Qadeer Ahmed

Personal information
- Full name: Qadeer Ahmed Khan
- Born: 15 November 1985 (age 40) Attock, Pakistan
- Batting: Right handed
- Bowling: Right handed medium-fast
- Role: Bowler

International information
- National side: United Arab Emirates;
- ODI debut (cap 63): 18 November 2015 v Hong Kong
- Last ODI: 14 April 2019 v Zimbabwe
- T20I debut (cap 22): 22 November 2015 v Oman
- Last T20I: 8 August 2019 v Netherlands

Career statistics
| Competition | ODI | T20I | FC | LA |
| Matches | 11 | 10 | 3 | 17 |
| Runs scored | 9 | 7 | 7 | 22 |
| Batting average | 4.50 | 7.00 | 7.00 | 5.50 |
| 100s/50s | 0/0 | 0/0 | 0/0 | 0/0 |
| Top score | 4 | 5* | 6* | 7* |
| Balls bowled | 516 | 192 | 288 | 768 |
| Wickets | 8 | 9 | 5 | 15 |
| Bowling average | 58.37 | 28.11 | 34.00 | 41.40 |
| 5 wickets in innings | 0 | 0 | 0 | 0 |
| 10 wickets in match | 0 | n/a | 0 | 0 |
| Best bowling | 2/38 | 2/18 | 3/43 | 3/48 |
| Catches/stumpings | 1/– | 2/– | 2/– | 1/– |
- Source: ESPNcricinfo, 1 October 2021

= Qadeer Ahmed =

Emirati cricketer (born 1985)

Qadeer Ahmed Khan (born 15 November 1985) is a Pakistani-born cricketer who played for the United Arab Emirates national cricket team. He made his One Day International debut for the UAE against Hong Kong in the 2015–17 ICC World Cricket League Championship on 18 November 2015. He made his Twenty20 International debut against Oman on 22 November 2015.

In January 2018, Khan was named in the UAE squad for the 2018 ICC World Cricket League Division Two tournament. In December 2018, he was named in the United Arab Emirates' team for the 2018 ACC Emerging Teams Asia Cup.

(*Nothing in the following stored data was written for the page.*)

Lemma deltaw_moore_eq0 w x b b' :
  b'.2 != Some x -> deltaw moore_delta (rcons w x) b b' = 0.
Proof.
by move=> b'x; rewrite deltaw_rcons big1 // => r _; rewrite moore_delta_eq0 ?mulr0.
Qed.

Lemma deltaw_moore_initial w x a a' s :
  deltaw moore_delta (rcons w x) (a, None) (a', s) =
  if s == Some x then deltaw delta w a a' else 0.
Proof.
elim/last_ind: w x a' s => [|w x0 IHw] x a' s.
  by rewrite deltaw_seq1 /moore_delta /=; case: ifP.
rewrite deltaw_rcons (_ : \sum_r _ = \sum_c \sum_t deltaw moore_delta (rcons w x0)
  (a, None) (c, t) * moore_delta (c, t) x (a', s)); last first.
  by rewrite pair_bigA; apply: eq_bigr => -[].
have read_x0 c : \sum_t deltaw moore_delta (rcons w x0) (a, None) (c, t) *
    moore_delta (c, t) x (a', s) = deltaw delta w a c * moore_delta (c, Some x0) x (a', s).
  rewrite (bigD1 (Some x0)) //= IHw eqxx big1 ?addr0 // => t /negbTE t_x0.
  by rewrite IHw t_x0 mul0r.
under eq_bigr => c _ do rewrite read_x0.
rewrite /moore_delta /=; case: ifP => _; last by rewrite big1 // => c _; rewrite mulr0.
by rewrite deltaw_rcons.
Qed.

End MooreOfMealy.

Section LiftedRuns.
Variables (S : pzSemiRingType) (X Y A : finType)
  (sigma : A -> S) (delta : A -> X -> A -> S) (omega : A -> X -> Y -> S).
Variables (p : X * Y) (w : seq (X * Y)).
Local Notation n := (size w).
Local Notation B := (A * option X)%type.

(* 0-based: [input k] is the letter x_(k+1). *)
Definition input k : X := (nth p (p :: w) k).1.

Definition lift_run (a : {ffun 'I_n.+1 -> A}) : {ffun 'I_n.+2 -> B} :=
  [ffun j : 'I_n.+2 =>
     if nat_of_ord j is k.+1 then (a (inord k), Some (input k)) else (a ord0, None)].

Definition proj_run (b : {ffun 'I_n.+2 -> B}) : {ffun 'I_n.+1 -> A} :=
  [ffun i : 'I_n.+1 => (b (inord i.+1)).1].

Lemma lift_run0 a : lift_run a ord0 = (a ord0, None).
Proof. by rewrite ffunE. Qed.

Lemma lift_runS a k :
  (k < n.+1)%N -> lift_run a (inord k.+1) = (a (inord k), Some (input k)).
Proof. by move=> lt_k; rewrite ffunE inordK. Qed.

Lemma lift_runK : cancel lift_run proj_run.
Proof. by move=> a; apply/ffunP => i; rewrite ffunE lift_runS // inord_val. Qed.

Lemma lift_proj_runN b : lift_run (proj_run b) != b ->
  [\/ (b ord0).2 != None, (b ord0).1 != (b (inord 1)).1
    | exists i : 'I_n.+1, (b (inord i.+1)).2 != Some (input i)].
Proof.
move=> b_not_lift; have [[[|k] lt_k] b_j] : exists j, b j != lift_run (proj_run b) j.
  apply/existsP; rewrite -negb_forall; apply: contra b_not_lift => /forallP b_lift.
  by apply/eqP/ffunP => j; apply/esym/eqP/b_lift.
- rewrite (_ : Ordinal lt_k = ord0) ?lift_run0 ?ffunE //= in b_j; last exact: val_inj.
  case: (b ord0) b_j => c [x _|/=]; first by apply: Or31.
  by move=> b_j; apply: Or32; apply: contra b_j => /eqP ->.
- have lt_k' : (k < n.+1)%N by [].
  rewrite (_ : Ordinal lt_k = inord k.+1) in b_j *; last by apply: val_inj; rewrite /= inordK.
  apply: Or33; exists (Ordinal lt_k'); apply: contra b_j.
  by rewrite lift_runS // ffunE inordK //=; case: (b _) => c s /= /eqP ->.
Qed.

(* [D i] stands for the transition factor of step [i] in either semantics. *)
Lemma moore_weight_eq0 (D : 'I_n.+1 -> S) (b : {ffun 'I_n.+2 -> B}) :
  (forall i : 'I_n.+1, (b (inord i.+1)).2 != Some (input i) -> D i = 0) ->
  ((b ord0).2 = None -> (b ord0).1 != (b (inord 1)).1 -> D ord0 = 0) ->
  lift_run (proj_run b) != b ->
  moore_sigma sigma (b ord0) *
    \prod_(i < n.+1) (D i * moore_omega omega (b (inord i.+1)) (tnth (in_tuple (p :: w)) i).2)
  = 0.
Proof.
move=> D_input D_init /lift_proj_runN[b0_read | b01 | [i b_i]].
- by case b0: (b ord0).2 b0_read => // _; rewrite /moore_sigma b0 mul0r.
- case b0: (b ord0).2 => [x|]; first by rewrite /moore_sigma b0 mul0r.
  by rewrite (prodr_ord_eq0 (i := ord0)) ?mulr0 // D_init ?mul0r.
- by rewrite (prodr_ord_eq0 (i := i)) ?mulr0 // D_input ?mul0r.
Qed.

In September 2019, he was named in the squad for the 2019 ICC T20 World Cup Qualifier tournament in the UAE. However, the following month, he was dropped from the UAE's squad for the tournament. Two days before the start of the tournament, the International Cricket Council confirmed that Khan had been suspended, after breaching ICC's anti-corruption rules. In April 2021, he was banned from all cricket for five years over corruption charge, with effect from 16 October 2019.